(* Let $T_k$ be a tournament on $k$ vertices and let $n$ be a positive integer. If Breaker has a winning strategy in the $(2:1)$ Maker–Breaker game $\mathcal{H}(T_k,n)$, then OBreaker has a winning strategy in the orientation game $Or(T_k,n)$.
   Context: The game $\mathcal{H}(T_k,n)=(X,\mathcal{F}(T_k))$ has board $X=\{(u,v): u,v\in V(K_n),\ u\ne v\}$, the set of ordered pairs of distinct vertices. Its winning sets are $\mathcal{F}(T_k)=\{S\subseteq X: S \text{ is the arc set of a copy of } T_k\}$. The players alternately claim unclaimed elements, Maker claiming $2$ per round and Breaker $1$ per round. Maker wins if she claims all elements of some winning set. The orientation game $Or(T_k,n)$ is played on the edges of $K_n$ by OMaker (moving first) and OBreaker. They alternately choose a previously undirected edge and give it a direction. OMaker wins if the final digraph, containing both players' directed edges, contains a copy of $T_k$; otherwise OBreaker wins. *)

From HB Require Import structures.
From mathcomp Require Import all_boot.
Set Implicit Arguments. Unset Strict Implicit. Unset Printing Implicit Defensive.

Definition tournament (k : nat) (T : rel 'I_k) : Prop :=
  (forall i, ~~ T i i) /\ (forall i j, i != j -> T i j = ~~ T j i).

Definition copy_arcs (k n : nat) (T : rel 'I_k) (f : 'I_k -> 'I_n)
  : {set 'I_n * 'I_n} :=
  [set (f p.1, f p.2) | p in [set p : 'I_k * 'I_k | T p.1 p.2]].

Definition contains_copy (k n : nat) (T : rel 'I_k) (D : {set 'I_n * 'I_n}) : Prop :=
  exists f : 'I_k -> 'I_n, injective f /\ forall i j, T i j -> (f i, f j) \in D.

(* A history is the sequence of moves played so far; move number i (from 0)
   is Maker's if i is even and Breaker's if i is odd. A move is the set of
   board elements claimed in that turn. *)
Definition mset (X : finType) (h : seq {set X}) : {set X} :=
  \bigcup_(i < size h | ~~ odd i) nth set0 h i.
Definition bset (X : finType) (h : seq {set X}) : {set X} :=
  \bigcup_(i < size h | odd i) nth set0 h i.
Definition free (X : finType) (Bd : {set X}) (h : seq {set X}) : {set X} :=
  Bd :\: (mset h :|: bset h).

(* [MB_breaker_wins_from a b Bd W sigma h]: every play of the (a:b) game on
   board Bd with winning sets W which continues the history h and in which
   Breaker follows the (history-dependent) strategy sigma is legal for
   Breaker and ends with Breaker's win (Maker never claims all of some
   winning set). In each turn a player claims min(bias, #free) free elements;
   the game ends when the board is exhausted. *)
Inductive MB_breaker_wins_from (X : finType) (a b : nat) (Bd : {set X})
    (W : {set X} -> Prop) (sigma : seq {set X} -> {set X}) : seq {set X} -> Prop :=
| MB_end h :
    free Bd h = set0 ->
    ~ (exists S, W S /\ S \subset mset h) ->
    MB_breaker_wins_from a b Bd W sigma h
| MB_maker_turn h :
    ~~ odd (size h) -> free Bd h != set0 ->
    (forall A : {set X}, A \subset free Bd h -> #|A| = minn a #|free Bd h| ->
       MB_breaker_wins_from a b Bd W sigma (rcons h A)) ->
    MB_breaker_wins_from a b Bd W sigma h
| MB_breaker_turn h :
    odd (size h) -> free Bd h != set0 ->
    sigma h \subset free Bd h -> #|sigma h| = minn b #|free Bd h| ->
    MB_breaker_wins_from a b Bd W sigma (rcons h (sigma h)) ->
    MB_breaker_wins_from a b Bd W sigma h.

Definition MB_breaker_has_winning_strategy (X : finType) (a b : nat)
    (Bd : {set X}) (W : {set X} -> Prop) : Prop :=
  exists sigma : seq {set X} -> {set X}, MB_breaker_wins_from a b Bd W sigma [::].

Definition Hboard (n : nat) : {set 'I_n * 'I_n} := [set p | p.1 != p.2].

Definition HWin (k n : nat) (T : rel 'I_k) (S : {set 'I_n * 'I_n}) : Prop :=
  exists f : 'I_k -> 'I_n, injective f /\ S = copy_arcs T f.

(* A history is the sequence of arcs chosen so far (move i by OMaker if i is
   even, OBreaker if odd). Choosing the arc (u,v) = directing the edge uv
   from u to v; it is legal iff uv is still undirected. *)
Definition orient_legal (n : nat) (h : seq ('I_n * 'I_n)) (a : 'I_n * 'I_n) : bool :=
  [&& a.1 != a.2, a \notin h & (a.2, a.1) \notin h].

Definition digraph_of (n : nat) (h : seq ('I_n * 'I_n)) : {set 'I_n * 'I_n} :=
  [set a | a \in h].

Inductive OB_wins_from (k n : nat) (T : rel 'I_k)
    (sigma : seq ('I_n * 'I_n) -> 'I_n * 'I_n) : seq ('I_n * 'I_n) -> Prop :=
| OB_end h :
    (forall a, ~~ orient_legal h a) ->
    ~ contains_copy T (digraph_of h) ->
    OB_wins_from T sigma h
| OB_omaker_turn h :
    ~~ odd (size h) -> (exists a, orient_legal h a) ->
    (forall a, orient_legal h a -> OB_wins_from T sigma (rcons h a)) ->
    OB_wins_from T sigma h
| OB_obreaker_turn h :
    odd (size h) -> (exists a, orient_legal h a) ->
    orient_legal h (sigma h) ->
    OB_wins_from T sigma (rcons h (sigma h)) ->
    OB_wins_from T sigma h.

Definition OBreaker_has_winning_strategy (k n : nat) (T : rel 'I_k) : Prop :=
  exists sigma : seq ('I_n * 'I_n) -> 'I_n * 'I_n, OB_wins_from T sigma [::].

From HB Require Import structures.
From mathcomp Require Import all_boot.
Set Implicit Arguments. Unset Strict Implicit. Unset Printing Implicit Defensive.

(* OBreaker runs a simulated play of the (2:1) game H(T_k,n) in which Breaker
   follows his winning strategy.  When OMaker orients an edge as the arc [a],
   Maker claims [a] together with OBreaker's previous arc (on the first move,
   together with the reverse of [a]); Breaker answers with an arc [x], and
   OBreaker orients the edge of [x] against [x] if it is still undirected,
   and plays any legal arc otherwise.  The invariant [simulates] says that
   every arc claimed in H is already oriented (so Maker's claims are always
   free) and that Maker owns every arc of the orientation except OBreaker's
   last one.  When the orientation game ends, Maker also claims that last arc
   and then owns the whole final digraph; a copy of T_k in it would be a Maker
   win against Breaker's winning strategy.  The argument does not use that
   T_k is a tournament. *)

Lemma extend_to_card (X : finType) (Y F : {set X}) m :
  Y \subset F -> #|Y| <= m <= #|F| ->
  exists A : {set X}, [/\ Y \subset A, A \subset F & #|A| = m].
Proof.
move=> YF /andP[Ym mF].
have : m - #|Y| <= #|F :\: Y| by rewrite cardsD (setIidPr YF) leq_sub2r.
case/card_geqP=> s [s_uniq s_size sFY].
exists (Y :|: [set x in s]); split; first exact: subsetUl.
  rewrite subUset YF; apply/subsetP=> x; rewrite inE => /sFY.
  by rewrite inE => /andP[].
have disj : [disjoint Y & [set x in s]].
  rewrite -setI_eq0; apply/eqP/setP=> x; rewrite !inE.
  by apply/negP=> /andP[xY /sFY]; rewrite inE xY.
rewrite cardsU (disjoint_setI0 disj) cards0 subn0 cardsE (card_uniqP s_uniq) s_size.
by rewrite subnKC.
Qed.

Section Histories.
Variable X : finType.
Implicit Types (h : seq {set X}) (A Bd : {set X}).

Lemma bigcup_rcons h A (P : pred nat) :
  \bigcup_(i < size (rcons h A) | P i) nth set0 (rcons h A) i =
  (\bigcup_(i < size h | P i) nth set0 h i) :|: (if P (size h) then A else set0).
Proof.
rewrite size_rcons big_mkcond big_ord_recr /= nth_rcons ltnn eqxx.
rewrite [in RHS]big_mkcond; congr (_ :|: _).
by apply: eq_bigr=> i _; rewrite nth_rcons ltn_ord.
Qed.

Lemma mset_rcons h A :
  mset (rcons h A) = if odd (size h) then mset h else mset h :|: A.
Proof.
by rewrite /mset (bigcup_rcons h A (fun i => ~~ odd i)); case: odd; rewrite /= ?setU0.
Qed.

Lemma bset_rcons h A :
  bset (rcons h A) = if odd (size h) then bset h :|: A else bset h.
Proof. by rewrite /bset (bigcup_rcons h A odd); case: odd; rewrite /= ?setU0. Qed.

Lemma mset_nil : mset [::] = set0 :> {set X}.
Proof. by rewrite /mset big_ord0. Qed.

Lemma bset_nil : bset [::] = set0 :> {set X}.
Proof. by rewrite /bset big_ord0. Qed.

Lemma in_free Bd h x :
  (x \in free Bd h) = [&& x \in Bd, x \notin mset h & x \notin bset h].
Proof. by rewrite /free !inE negb_or andbC andbA. Qed.

End Histories.

Section BreakerWins.
Variables (X : finType) (a b : nat) (Bd : {set X}) (W : {set X} -> Prop).
Variable sigma : seq {set X} -> {set X}.
Local Notation wins := (MB_breaker_wins_from a b Bd W sigma).
Implicit Types (h : seq {set X}) (A Y : {set X}).

Lemma wins_maker_move h : wins h -> ~~ odd (size h) -> free Bd h != set0 ->
  forall A, A \subset free Bd h -> #|A| = minn a #|free Bd h| -> wins (rcons h A).
Proof.
case=> {}h; first by move=> -> _; rewrite eqxx.
- by move=> _ _ Dnext _ _; exact: Dnext.
- by move=> ->.
Qed.

Lemma wins_breaker_move h : wins h -> odd (size h) -> free Bd h != set0 ->
  [/\ sigma h \subset free Bd h, #|sigma h| = minn b #|free Bd h|
    & wins (rcons h (sigma h))].
Proof.
case=> {}h; first by move=> -> _; rewrite eqxx.
- by move=> /negPf ->.
- by move=> _ _ sF cF Dnext _ _; split.
Qed.

Lemma wins_maker_move_extending h Y : wins h -> ~~ odd (size h) ->
  free Bd h != set0 -> Y \subset free Bd h -> #|Y| <= a ->
  exists2 A : {set X}, Y \subset A & wins (rcons h A).
Proof.
move=> Dh ev Fnz YF Ya.
have [A [YA AF Ac]] : exists A : {set X}, [/\ Y \subset A, A \subset free Bd h
    & #|A| = minn a #|free Bd h|].
  by apply: extend_to_card; rewrite // leq_min Ya subset_leq_card ?geq_minr.
by exists A; last exact: wins_maker_move.
Qed.

Lemma wins_no_maker_set h : wins h -> ~ exists2 S, W S & S \subset mset h.
Proof.
elim=> {}h; first by move=> _ H [S WS SM]; apply: H; exists S.
- move=> ev Fnz _ IH [S WS SM].
  have [A [_ AF Ac]] : exists A : {set X}, [/\ set0 \subset A,
      A \subset free Bd h & #|A| = minn a #|free Bd h|].
    by apply: extend_to_card; rewrite ?sub0set // cards0 geq_minr.
  apply: (IH A AF Ac); exists S => //.
  by rewrite mset_rcons (negPf ev) (subset_trans SM) ?subsetUl.
- by move=> od _ _ _ _ IH [S WS SM]; apply: IH; exists S; rewrite // mset_rcons od.
Qed.

End BreakerWins.

Section Orientation.
Variable n : nat.
Local Notation arc := ('I_n * 'I_n)%type.
Implicit Types (h : seq arc) (x y z : arc).

Definition rev_arc x : arc := (x.2, x.1).

Lemma rev_arcK : involutive rev_arc. Proof. by case. Qed.

Definition oriented h : {set arc} := [set x | (x \in h) || (rev_arc x \in h)].

Lemma oriented_rcons h y : oriented h \subset oriented (rcons h y).
Proof.
by apply/subsetP=> x; rewrite !inE !mem_rcons !inE => /orP[]->; rewrite ?orbT.
Qed.

Lemma oriented_last h y :
  (y \in oriented (rcons h y)) && (rev_arc y \in oriented (rcons h y)).
Proof. by rewrite !inE !mem_rcons !inE rev_arcK eqxx !orbT. Qed.

Lemma legal_board h x : orient_legal h x -> x \in Hboard n.
Proof. by case/and3P=> xx _ _; rewrite inE. Qed.

Lemma legal_not_oriented h x : orient_legal h x -> x \notin oriented h.
Proof. by case/and3P=> _ xh rxh; rewrite inE negb_or xh. Qed.

Lemma illegal_rev_oriented h x :
  x \in Hboard n -> ~~ orient_legal h (rev_arc x) -> x \in oriented h.
Proof.
case: x => x1 x2; rewrite !inE /orient_legal /= eq_sym => -> /=.
by rewrite negb_and !negbK orbC.
Qed.

Lemma legal_rcons h x y : orient_legal (rcons h x) y -> orient_legal h y && (y != x).
Proof.
case/and3P=> yy; rewrite !mem_rcons !inE !negb_or => /andP[yx yh] /andP[_ ryh].
by rewrite /orient_legal yy yh ryh yx.
Qed.

Lemma legal_card_rcons h x : orient_legal h x ->
  #|[set y | orient_legal (rcons h x) y]| < #|[set y | orient_legal h y]|.
Proof.
move=> lx; apply/proper_card/properP; split.
  by apply/subsetP=> y; rewrite !inE => /legal_rcons/andP[].
by exists x; rewrite !inE //; apply/negP=> /legal_rcons; rewrite eqxx andbF.
Qed.

End Orientation.

Section Simulation.
Variables (k n : nat) (T : rel 'I_k).
Local Notation arc := ('I_n * 'I_n)%type.
Local Notation board := (Hboard n).
Variable sigma : seq {set arc} -> {set arc}.
Local Notation wins := (MB_breaker_wins_from 2 1 board (@HWin k n T) sigma).
Variable d : arc.
Implicit Types (ho : seq arc) (hm : seq {set arc}) (x y : arc).

Definition maker_claim ho x : {set arc} :=
  if ho is [::] then [set x; rev_arc x] else [set x; last x ho].
Lemma cond_type_trace p q : cond_type p = cond_type q -> forall x', sval q x' ->
  exists2 y, sval p y & trace (coords p) y = trace (coords q) x'.
Proof.
move=> [_ pq] x' qx'.
have [fp fq] := (finite_image (trace (coords p)) (cond_finite p),
                 finite_image (trace (coords q)) (cond_finite q)).
have : [set trace (coords q) x | x in sval q] (trace (coords q) x') by exists x'.
by rewrite -(fset_setK fq) -pq (fset_setK fp) => -[y py yx']; exists y.
Qed.

Lemma coherentU (p q : Cond) :
  aligned (coords p) (coords q) -> size (coords p) = size (coords q) ->
  (forall x', sval q x' -> exists2 y, sval p y & trace (coords p) y = trace (coords q) x') ->
  forall x x', sval p x -> sval q x' -> ssubsupp (point x) (point x') ->
  subsupp (point x) x'.1 \/ isolated_in A x.1.
Proof.
move=> al sz qp x x' px qx' xx'.
have [y py [yx'1 yx'2 _]] := qp x' qx'.
have xp i : point x i -> i \in coords p by move=> xi; exact: coordsP px (or_introl xi).
have xq i : point x i -> i \in coords q.
  by move=> /xx'.1 x'i; exact: coordsP qx' (or_introl x'i).
have xy : ssubsupp (point x) (point y).
  apply: (aligned_map_ssubsupp al sz (coords_uniq p) xp _ yx'1 xx').
  by move=> i x'i; exact: coordsP qx' (or_introl x'i).
have [xy1|] := cond_coherent px py xy; last by right.
by left => i xi; rewrite -(aligned_map_eq al (xp i xi) (xq i xi) yx'2); exact: xy1.
Qed.

Lemma condition_union (p q : Cond) : aligned (coords p) (coords q) ->
  cond_type p = cond_type q -> condition (sval p `|` sval q).
Proof.
move=> al pq; have sz : size (coords p) = size (coords q) by case: pq.
split.
- by rewrite finite_setU; split; exact: cond_finite.
- by move=> x [px|qx]; [exact: cond_D px|exact: cond_D qx].
- move=> x y [px|qx] [py|qy].
  + exact: cond_coherent px py.
  + exact: coherentU al sz (cond_type_trace pq) _ _ px qy.
  + exact: coherentU (aligned_sym al) (esym sz) (cond_type_trace (esym pq)) _ _ qx py.
  + exact: cond_coherent qx qy.
Qed.

Lemma cond_type_inj (p q : Cond) : cond_type p = cond_type q -> coords p = coords q -> p = q.
Proof.
suff sub p' q' : cond_type p' = cond_type q' -> coords p' = coords q' -> sval q' `<=` sval p'.
  by move=> pq cpq; apply: Cond_eq; apply/seteqP; split; [apply: sub|apply: sub].
move=> pq cpq x qx; have [y py] := cond_type_trace pq qx.
rewrite cpq => -[_ yx1 yx2].
have -> // : x = y.
have e1 : y.1 = x.1.
  apply: (eq_of_map_supp yx1) => i yi; last exact: coordsP qx (or_intror yi).
  by rewrite -cpq; exact: coordsP py (or_intror yi).
by case: x y e1 yx2 {qx py yx1} => [x1 x2] [y1 y2] /= -> ->.
Qed.

Lemma Cond_ccc (w0 : W) : ccc cle.
Proof.
move=> S antiS; apply: contrapT => Sunc.
have [tau tau_unc] := uncountable_fiber cond_type Sunc.
set St := S `&` cond_type @^-1` [set tau].
have coords_unc : ~ countable (coords @` St).
  apply: contra_not tau_unc; apply: (@inj_countable _ _ coords) => // p q.
  by rewrite !inE => -[_ ptau] [_ qtau] /cond_type_inj; apply; rewrite ptau qtau.
have shape : shaped tau.1 (coords @` St).
  by move=> _ [p [_ ptau] <-]; split; [exact: coords_uniq|rewrite -ptau].
have [_ [_ [[p [Sp ptau] <-] [q [Sq qtau] <-] pq al]]] :=
  uncountable_aligned_pair (w0 : V) shape coords_unc.
have neq : p <> q by move=> e; apply: pq; rewrite e.
apply: (antiS p q Sp Sq neq).
have pqU := condition_union al (etrans ptau (esym qtau)).
by exists (exist _ _ pqU); split => x hx; [left|right].
Qed.

Lemma coherent_add (p : Cond) d k : D d -> agree (coords p) d (approx d k) ->
  coherent (sval p `|` [set (d, k)]).
Proof.
move=> Dd dk x y [px|->] [py|->].
- exact: cond_coherent px py.
- move=> [xdk _]; left => a xa.
  by rewrite /= -(dk a (coordsP px (or_introl xa))); exact: xdk.
- move=> [dky _]; have [|dniso] := pselect (isolated_in A d); first by right.
  have [b [dkb ndb]] := approx_niso_new Dd dniso k.
  by move: (dkb); rewrite (dk b (coordsP py (or_introl (dky b dkb)))) (negbTE ndb).
- by case.
Qed.
From HB Require Import structures.
From mathcomp Require Import all_boot all_order all_algebra.
From mathcomp Require Import all_classical all_reals all_analysis.
From mathcomp Require Import ring lra.
Set Implicit Arguments. Unset Strict Implicit. Unset Printing Implicit Defensive.
Import Order.TTheory GRing.Theory Num.Theory.
Local Open Scope classical_set_scope.
Local Open Scope ring_scope.

(* The event {H_(k,0) = h, B_(k,0) = b} is increasing in xi, so it is covered by
   finitely many cylinders {xi_i >= n_i for all (i, n_i) in W}, where the
   "witnesses" W, supported on distinct sites, follow the recursion: a node with a
   single bad child is witnessed by that child with H one larger, a node with
   several bad children by witnesses for all of them.  By independence a cylinder
   has probability prod rho^n_i, and the total mass of the witnesses satisfies the
   bound by induction on k.  With one bad child, H + 1 gains a factor
   L^-(2 + 1/(b+1)), which pays for the L choices of the child and for the L^-1
   of level k + 1.  With several bad children, whose H-values sum to h - 1, the
   sum over these values is a convolution of geometric series; it is absorbed by
   the gap between L^-(2 + 1/(k+1)) per unit of H at level k and the
   L^-(2 + 1/(k+2)) required at level k + 1. *)

Definition witness := seq (nat * nat).

Definition exceeds (f : int -> nat) (W : witness) : bool :=
  all (fun p => p.2 <= f (Posz p.1))%N W.

Lemma exceeds_cat f W W' : exceeds f (W ++ W') = exceeds f W && exceeds f W'.
Proof. exact: all_cat. Qed.

Fixpoint threshold (W : witness) (i : int) : nat :=
  if W is p :: W' then (if Posz p.1 == i then p.2 else threshold W' i) else 0%N.

Lemma thresholdE W p : uniq (unzip1 W) -> p \in W -> threshold W (Posz p.1) = p.2.
Proof.
elim: W => [|q W IH] //= /andP [qW uW]; rewrite inE => /orP [/eqP ->|pW].
  by rewrite eqxx.
case: eqP => [[qp]|_]; last exact: IH.
by move: qW; rewrite qp (map_f fst pW).
Qed.

Definition weight {R : pzSemiRingType} (rho : R) (W : witness) : R :=
  \prod_(p <- W) rho ^+ p.2.

Section Cylinders.
Context (R : realType) (d : measure_display) (T : measurableType d).
Variables (P : probability T R) (xi : int -> T -> nat).
Hypothesis xi_meas : forall (i : int) (A : set nat), measurable (xi i @^-1` A).

Definition cylinder (W : witness) : set T := [set t | exceeds (xi^~ t) W].

Lemma measurable_cylinder W : measurable (cylinder W).
Proof.
elim: W => [|p W IH]; first by rewrite [cylinder _](_ : _ = setT) //; apply/seteqP.
rewrite [cylinder _](_ : _ = xi (Posz p.1) @^-1` [set n | (p.2 <= n)%N] `&` cylinder W).
  exact: measurableI.
by apply/seteqP; split => t /andP.
Qed.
▬▬▬▬▬▬▬▬▬▬
What to do.
After reading the records above, say how many lines hold the string "andP", using only a number.

Result of this exercise.
7